Another thing is if I run the kops command with google default images, that is remove the part: '--image "ubuntu-os-cloud/ubuntu-1804-bionic-v20190617"' from my command, and deploy the same 2 images on the cluster created, cryptserver and redis, they work just fine and DNS does not have any problems.

yxiay2k on 13 Feb 2020

@yxiay2k it looks like we've run into this problem with Ubuntu: https://simonfredsted.com/1680

I've verified the workaround from that post by editing /etc/sysconfig/kubelet on the node to include --resolv-conf=/run/systemd/resolve/resolv.conf in DAEMON_ARGS. Then issuing a systemctl restart kubelet. After killing the kube-dns pods and crypt-service pods, the new crypt-service pod was able to resolve redis.
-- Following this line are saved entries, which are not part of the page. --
(* For any eviction algorithm $\mathcal Q$ and any input (for randomized $\mathcal Q$: any realization of its random bits) there exists an eviction graph $H_{\mathcal Q}$ with edge set $E$ and a coloring of its edges such that: (1) if two edges $(i,j)$ and $(i',j')$ have the same color then $i=i'$; (2) if two distinct edges $(i,j)$ and $(i,j')$ have the same color then the evictions of $\sigma(j)$ and $\sigma(j')$ do not overlap; (3) the number of colors used is at most $\mathrm{OPT}$; and moreover $\mathrm{OBJ}_{\mathcal Q}\le\mathrm{OPT}+|E|$.
   Context: Caching setting: cache of capacity $k$, requests $\sigma(1),\dots,\sigma(T)$ processed online from an empty cache; on a miss with full cache one cached page is evicted. $\mathrm{OBJ}_{\mathcal Q}$ = number of misses of $\mathcal Q$, $\mathrm{OPT}$ = number of misses of Belady's optimal offline algorithm. $\nu(t)=\min\{s>t:\sigma(s)=\sigma(t)\}$ ($T+1$ if none). Cached pages are identified by the index of their most recent request: $\mathcal I_{\mathcal Q}(t)$ is the set of indices $\max\{t'\le t:\sigma(t')=s\}$ over pages $s$ cached after processing request $t$; ''the eviction of $\sigma(j)$'' means the (unique) time at which $\mathcal Q$ evicts the page $\sigma(j)$ while $j$ is its index in $\mathcal I_{\mathcal Q}$. Two evictions, of $\sigma(j)$ at time $t_1$ and of $\sigma(j')$ at time $t_2>t_1$, do not overlap if $\nu(j)\le t_2$ (i.e. the eviction triggered by the first one, at time $\nu(j)$, happens no later than the second). An eviction graph $H_{\mathcal Q}$ is a directed graph on vertex set $\{1,\dots,T\}$ such that for every edge $(i,j)$ there is a time $t+1$ at which $\mathcal Q$ evicts $\sigma(j)$ with $j\in\mathcal I_{\mathcal Q}(t)$ while $i\in\mathcal I_{\mathcal Q}(t)$ and $\nu(i)>\nu(j)$; moreover for each $j$ there is at most one edge of the form $(i,j)$. *)

From mathcomp Require Import all_boot.
From mathcomp Require Import finmap.
Set Implicit Arguments. Unset Strict Implicit. Unset Printing Implicit Defensive.
Local Open Scope fset_scope.

(* Pages are natural numbers.  A request sequence is sigma : nat -> nat,
   of which only sigma 1, ..., sigma T are relevant (times are 1..T).
   A cache state is a finite set of pages. *)

Definition valid_step (k p : nat) (C C' : {fset nat}) : Prop :=
  if p \in C then C' = C
  else if (#|` C| < k)%N then C' = p |` C
  else exists2 q, q \in C & C' = p |` (C `\ q).

(* A run (execution) of an eviction algorithm on sigma(1..T): C t is the
   cache content after processing request t, starting from the empty cache.
   Every run of any (deterministic, or randomized with fixed random bits)
   eviction algorithm is such a run. *)
Definition valid_run (k T : nat) (sigma : nat -> nat) (C : nat -> {fset nat}) : Prop :=
  C 0%N = fset0 /\
  forall t, (1 <= t <= T)%N -> valid_step k (sigma t) (C t.-1) (C t).

Definition misses (T : nat) (sigma : nat -> nat) (C : nat -> {fset nat}) : nat :=
  count (fun t => sigma t \notin C t.-1) (iota 1 T).

Definition is_OPT (k T : nat) (sigma : nat -> nat) (m : nat) : Prop :=
  (exists2 C, valid_run k T sigma C & misses T sigma C = m) /\
  (forall C, valid_run k T sigma C -> (m <= misses T sigma C)%N).

(* nu(t) = min { s > t : sigma s = sigma t }  (s <= T), or T+1 if none. *)
Definition nu (T : nat) (sigma : nat -> nat) (t : nat) : nat :=
  (t.+1 + find (fun s => sigma s == sigma t) (iota t.+1 (T - t)))%N.

(* j \in I_Q(t): j is the index of the most recent request (up to t) of a page
   cached after processing request t. *)
Definition inI (sigma : nat -> nat) (C : nat -> {fset nat}) (t j : nat) : bool :=
  [&& (1 <= j <= t)%N, sigma j \in C t &
      all (fun s => sigma s != sigma j) (iota j.+1 (t - j))].

(* "the eviction of sigma(j)" happens at time u: at time u the page sigma(j)
   is evicted while j is its index in I_Q(u-1). *)
Definition evicted_at (T : nat) (sigma : nat -> nat) (C : nat -> {fset nat})
    (j u : nat) : bool :=
  [&& (1 <= u <= T)%N, sigma j \in C u.-1, sigma j \notin C u & inI sigma C u.-1 j].

Definition no_overlap (T : nat) (sigma : nat -> nat) (C : nat -> {fset nat})
    (j j' : nat) : Prop :=
  forall u1 u2, evicted_at T sigma C j u1 -> evicted_at T sigma C j' u2 ->
    ((u1 < u2)%N -> (nu T sigma j <= u2)%N) /\
    ((u2 < u1)%N -> (nu T sigma j' <= u1)%N).

Definition eviction_edge (T : nat) (sigma : nat -> nat) (C : nat -> {fset nat})
    (e : nat * nat) : Prop :=
  exists u, [/\ evicted_at T sigma C e.2 u, inI sigma C u.-1 e.1 &
               (nu T sigma e.2 < nu T sigma e.1)%N].

Definition eviction_graph (T : nat) (sigma : nat -> nat) (C : nat -> {fset nat})
    (E : seq (nat * nat)) : Prop :=
  [/\ uniq E,
      forall e, e \in E -> [&& 1 <= e.1 <= T & 1 <= e.2 <= T]%N,
      forall e, e \in E -> eviction_edge T sigma C e &
      forall e e', e \in E -> e' \in E -> e.2 = e'.2 -> e = e'].

From mathcomp Require Import all_boot.
From mathcomp Require Import finmap.
From mathcomp Require Import zify.
Set Implicit Arguments. Unset Strict Implicit. Unset Printing Implicit Defensive.
Local Open Scope fset_scope.
Local Open Scope nat_scope.

(* Run the given algorithm [C] alongside an optimal run [O], keeping a perfect
   matching [M] between the pages cached only by [C] and those cached only by
   [O]; a pair [(x, y)] is bad when [y] is requested before [x].  The potential
   inequality  misses C + #bad pairs <= misses O + |E|  is maintained step by
   step: a miss of [C] alone is paid by a bad pair disappearing (the request hits
   the partner [y] of some [x]), and when an eviction of [C] creates a bad pair
   [(x, y)] the edge from the last request of [x] to that of the evicted page is
   added to [E].  Such an edge gets the color of [x], a time at which [O] missed
   and re-matched [x]; hence at most OPT colors, edges of one color leave the same
   request, and every edge of that color is closed (its target re-requested)
   before the next one is created, which gives non-overlap. *)

Section Requests.
Variables (T : nat) (sigma : nat -> nat).

Definition requested t z := has (fun s => sigma s == z) (iota 1 t).

Fixpoint last_request t z :=
  if t is t'.+1 then (if sigma t'.+1 == z then t'.+1 else last_request t' z) else 0.

(* [T.+1] when [z] is not requested in [t.+1 .. T]. *)
Definition next_request t z :=
  t.+1 + find (fun s => sigma s == z) (iota t.+1 (T - t)).

Lemma nuE j : nu T sigma j = next_request j (sigma j).
Proof. by []. Qed.

Lemma requestedS t z : requested t.+1 z = requested t z || (sigma t.+1 == z).
Proof. by rewrite /requested -[t.+1]addn1 iotaD has_cat /= orbF add1n addn1. Qed.

Lemma next_requestS t z : t < T -> sigma t.+1 != z ->
  next_request t z = next_request t.+1 z.
Proof.
move=> tT nz; rewrite /next_request.
have -> : T - t = (T - t.+1).+1 by lia.
by cbn [iota find]; rewrite (negbTE nz); lia.
Qed.

Lemma next_request_now t : t < T -> next_request t (sigma t.+1) = t.+1.
Proof.
move=> tT; rewrite /next_request.
have -> : T - t = (T - t.+1).+1 by lia.
by cbn [iota find]; rewrite eqxx addn0.
Qed.

Lemma next_request_later t z : t < T -> sigma t.+1 != z -> t.+1 < next_request t z.
Proof.
move=> tT nz; rewrite /next_request.
have -> : T - t = (T - t.+1).+1 by lia.
by cbn [iota find]; rewrite (negbTE nz); lia.
Qed.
In theory, you should be able to specify that resolv.conf in the cluster spec, as per https://github.com/kubernetes/kops/blob/master/docs/cluster_spec.md#kubelet but I haven't tested it yet.

It looks like we probably need to change the default behavior of Kops for ubuntu images, but I'll have to spend some more time investigating the implications.

robinpercy on 13 Feb 2020

@robinpercy this is fixed here https://github.com/kubernetes/kops/pull/8353, but maybe it should be backported to the release branches.

hakman on 13 Feb 2020

@robinpercy Thank you so much for your help!
I use "kops edit cluster", add that line to kubelet configurations and then run "kops update cluster".
It works fine for me now!
Should I close this issue or leave it open?

yxiay2k on 13 Feb 2020

@hakman Thanks a lot for your info! This issue could be closed now.

yxiay2k on 13 Feb 2020

👍1

Glad it's working @yxiay2k! And yes, please close this one.

@hakman thanks for that info. I'm torn on whether it should be back-ported, since it would be altering default behavior in a patch release. I'm inclined to leave it where it is but document the workaround in the version branches.

robinpercy on 14 Feb 2020

@robinpercy I cherry-picked the fix to 1.16 and 1.17 (still unreleased). Will try to find time to add something in the release notes for 1.15.

hakman on 15 Feb 2020

👍2

/close

hakman on 15 Feb 2020

@hakman: Closing this issue.

In response to this:

/close

Instructions for interacting with me using PR comments are available here. If you have questions or suggestions related to my behavior, please file an issue against the kubernetes/test-infra repository.